**Work order**
In the data that follows, find the line with "in_cube x /\ x k.1 = sgn k.2 * quarter."; transcribe it, every later line up to the one with "foldl (fun y k => tau A k y) x s.", and that line as well, exactly and with no others.

**Available records**
▽

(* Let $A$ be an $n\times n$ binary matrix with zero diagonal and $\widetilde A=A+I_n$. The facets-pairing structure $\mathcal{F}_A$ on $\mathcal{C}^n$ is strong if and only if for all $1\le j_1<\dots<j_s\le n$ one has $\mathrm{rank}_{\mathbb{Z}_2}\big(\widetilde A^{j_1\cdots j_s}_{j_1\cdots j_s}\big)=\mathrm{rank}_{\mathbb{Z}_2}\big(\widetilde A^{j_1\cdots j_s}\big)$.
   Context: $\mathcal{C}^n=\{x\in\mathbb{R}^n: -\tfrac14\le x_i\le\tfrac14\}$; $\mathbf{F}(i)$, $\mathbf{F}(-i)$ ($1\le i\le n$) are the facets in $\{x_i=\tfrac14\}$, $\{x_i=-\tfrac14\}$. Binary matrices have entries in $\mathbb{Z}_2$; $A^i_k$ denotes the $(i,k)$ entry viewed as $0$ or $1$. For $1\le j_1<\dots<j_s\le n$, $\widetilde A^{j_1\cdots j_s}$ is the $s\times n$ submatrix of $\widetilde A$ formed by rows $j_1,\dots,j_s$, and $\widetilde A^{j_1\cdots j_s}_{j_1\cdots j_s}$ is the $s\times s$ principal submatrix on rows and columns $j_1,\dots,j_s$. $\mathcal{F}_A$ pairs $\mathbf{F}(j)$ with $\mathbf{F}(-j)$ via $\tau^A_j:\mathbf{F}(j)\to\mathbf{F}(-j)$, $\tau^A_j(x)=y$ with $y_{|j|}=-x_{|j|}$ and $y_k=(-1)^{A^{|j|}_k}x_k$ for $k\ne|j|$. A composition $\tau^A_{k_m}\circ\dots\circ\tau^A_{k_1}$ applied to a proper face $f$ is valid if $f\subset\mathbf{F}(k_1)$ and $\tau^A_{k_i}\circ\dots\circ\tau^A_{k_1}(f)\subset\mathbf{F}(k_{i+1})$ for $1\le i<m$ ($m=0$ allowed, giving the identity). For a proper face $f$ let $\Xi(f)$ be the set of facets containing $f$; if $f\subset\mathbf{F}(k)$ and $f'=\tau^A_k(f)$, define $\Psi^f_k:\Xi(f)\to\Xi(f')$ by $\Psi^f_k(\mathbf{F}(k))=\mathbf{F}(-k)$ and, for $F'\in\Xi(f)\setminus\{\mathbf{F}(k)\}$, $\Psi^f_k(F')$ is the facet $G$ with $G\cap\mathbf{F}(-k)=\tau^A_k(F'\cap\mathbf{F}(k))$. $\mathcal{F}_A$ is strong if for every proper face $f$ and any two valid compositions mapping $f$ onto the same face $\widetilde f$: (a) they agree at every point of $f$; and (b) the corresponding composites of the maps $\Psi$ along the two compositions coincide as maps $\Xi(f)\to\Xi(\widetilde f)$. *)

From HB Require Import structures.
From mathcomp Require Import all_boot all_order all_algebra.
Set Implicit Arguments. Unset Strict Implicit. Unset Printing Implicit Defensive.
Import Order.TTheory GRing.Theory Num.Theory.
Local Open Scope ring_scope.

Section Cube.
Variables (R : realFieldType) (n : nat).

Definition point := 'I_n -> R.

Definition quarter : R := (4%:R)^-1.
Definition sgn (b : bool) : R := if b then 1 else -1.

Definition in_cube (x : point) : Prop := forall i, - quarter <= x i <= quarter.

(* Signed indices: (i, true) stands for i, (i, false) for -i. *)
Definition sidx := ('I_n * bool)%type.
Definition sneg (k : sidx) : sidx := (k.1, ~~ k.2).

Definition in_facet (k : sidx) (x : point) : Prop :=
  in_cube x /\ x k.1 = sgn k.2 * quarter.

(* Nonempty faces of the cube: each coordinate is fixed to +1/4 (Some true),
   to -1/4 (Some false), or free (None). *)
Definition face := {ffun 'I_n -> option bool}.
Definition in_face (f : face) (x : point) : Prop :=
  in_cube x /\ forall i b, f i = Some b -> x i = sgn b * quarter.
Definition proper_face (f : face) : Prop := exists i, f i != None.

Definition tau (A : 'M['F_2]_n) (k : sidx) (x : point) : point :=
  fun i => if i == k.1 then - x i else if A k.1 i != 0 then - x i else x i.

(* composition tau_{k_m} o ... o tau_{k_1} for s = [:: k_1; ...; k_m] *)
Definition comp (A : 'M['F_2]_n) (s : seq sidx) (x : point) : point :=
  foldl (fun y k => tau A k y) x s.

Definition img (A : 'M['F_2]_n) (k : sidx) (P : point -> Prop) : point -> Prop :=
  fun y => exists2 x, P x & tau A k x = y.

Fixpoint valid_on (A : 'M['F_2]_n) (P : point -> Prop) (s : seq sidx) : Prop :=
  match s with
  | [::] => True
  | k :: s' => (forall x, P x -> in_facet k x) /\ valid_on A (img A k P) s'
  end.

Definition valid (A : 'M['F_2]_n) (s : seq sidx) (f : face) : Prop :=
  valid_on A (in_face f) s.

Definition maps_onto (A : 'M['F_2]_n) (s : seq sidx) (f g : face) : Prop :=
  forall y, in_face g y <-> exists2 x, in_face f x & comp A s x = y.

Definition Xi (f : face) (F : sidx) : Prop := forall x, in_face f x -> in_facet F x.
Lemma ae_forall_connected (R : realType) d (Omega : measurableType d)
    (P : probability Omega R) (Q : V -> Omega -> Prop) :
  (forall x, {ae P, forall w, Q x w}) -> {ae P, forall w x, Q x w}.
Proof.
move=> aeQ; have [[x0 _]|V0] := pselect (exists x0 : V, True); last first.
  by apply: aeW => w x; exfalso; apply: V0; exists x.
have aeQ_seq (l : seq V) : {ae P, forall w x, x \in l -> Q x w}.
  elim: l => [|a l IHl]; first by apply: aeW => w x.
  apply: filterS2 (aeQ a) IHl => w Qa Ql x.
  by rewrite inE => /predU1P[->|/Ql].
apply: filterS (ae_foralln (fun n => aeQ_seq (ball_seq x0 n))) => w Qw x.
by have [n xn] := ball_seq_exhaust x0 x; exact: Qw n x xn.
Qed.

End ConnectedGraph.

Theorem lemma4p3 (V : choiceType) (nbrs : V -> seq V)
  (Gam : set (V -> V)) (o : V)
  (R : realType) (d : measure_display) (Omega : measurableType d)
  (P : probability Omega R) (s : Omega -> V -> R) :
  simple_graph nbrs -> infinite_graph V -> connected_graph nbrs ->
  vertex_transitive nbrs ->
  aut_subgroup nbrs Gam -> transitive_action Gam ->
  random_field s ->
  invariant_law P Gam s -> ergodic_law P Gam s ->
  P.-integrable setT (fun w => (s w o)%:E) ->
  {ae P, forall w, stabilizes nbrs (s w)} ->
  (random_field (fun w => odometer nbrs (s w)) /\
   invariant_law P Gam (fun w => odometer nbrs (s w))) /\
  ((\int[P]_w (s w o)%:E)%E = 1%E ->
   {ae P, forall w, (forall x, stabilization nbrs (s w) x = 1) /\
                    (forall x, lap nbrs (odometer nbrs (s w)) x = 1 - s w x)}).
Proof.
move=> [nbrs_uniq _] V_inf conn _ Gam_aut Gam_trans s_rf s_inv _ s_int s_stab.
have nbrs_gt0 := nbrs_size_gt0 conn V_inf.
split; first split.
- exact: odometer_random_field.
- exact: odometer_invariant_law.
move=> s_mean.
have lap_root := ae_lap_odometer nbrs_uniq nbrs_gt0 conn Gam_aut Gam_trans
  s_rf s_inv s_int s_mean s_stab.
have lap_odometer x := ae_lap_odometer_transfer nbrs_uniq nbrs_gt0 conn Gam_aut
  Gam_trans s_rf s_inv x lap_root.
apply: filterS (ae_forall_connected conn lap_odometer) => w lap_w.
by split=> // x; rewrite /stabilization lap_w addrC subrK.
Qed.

△

**Completed exercise**
  in_cube x /\ x k.1 = sgn k.2 * quarter.

(* Nonempty faces of the cube: each coordinate is fixed to +1/4 (Some true),
   to -1/4 (Some false), or free (None). *)
Definition face := {ffun 'I_n -> option bool}.
Definition in_face (f : face) (x : point) : Prop :=
  in_cube x /\ forall i b, f i = Some b -> x i = sgn b * quarter.
Definition proper_face (f : face) : Prop := exists i, f i != None.

Definition tau (A : 'M['F_2]_n) (k : sidx) (x : point) : point :=
  fun i => if i == k.1 then - x i else if A k.1 i != 0 then - x i else x i.

(* composition tau_{k_m} o ... o tau_{k_1} for s = [:: k_1; ...; k_m] *)
Definition comp (A : 'M['F_2]_n) (s : seq sidx) (x : point) : point :=
  foldl (fun y k => tau A k y) x s.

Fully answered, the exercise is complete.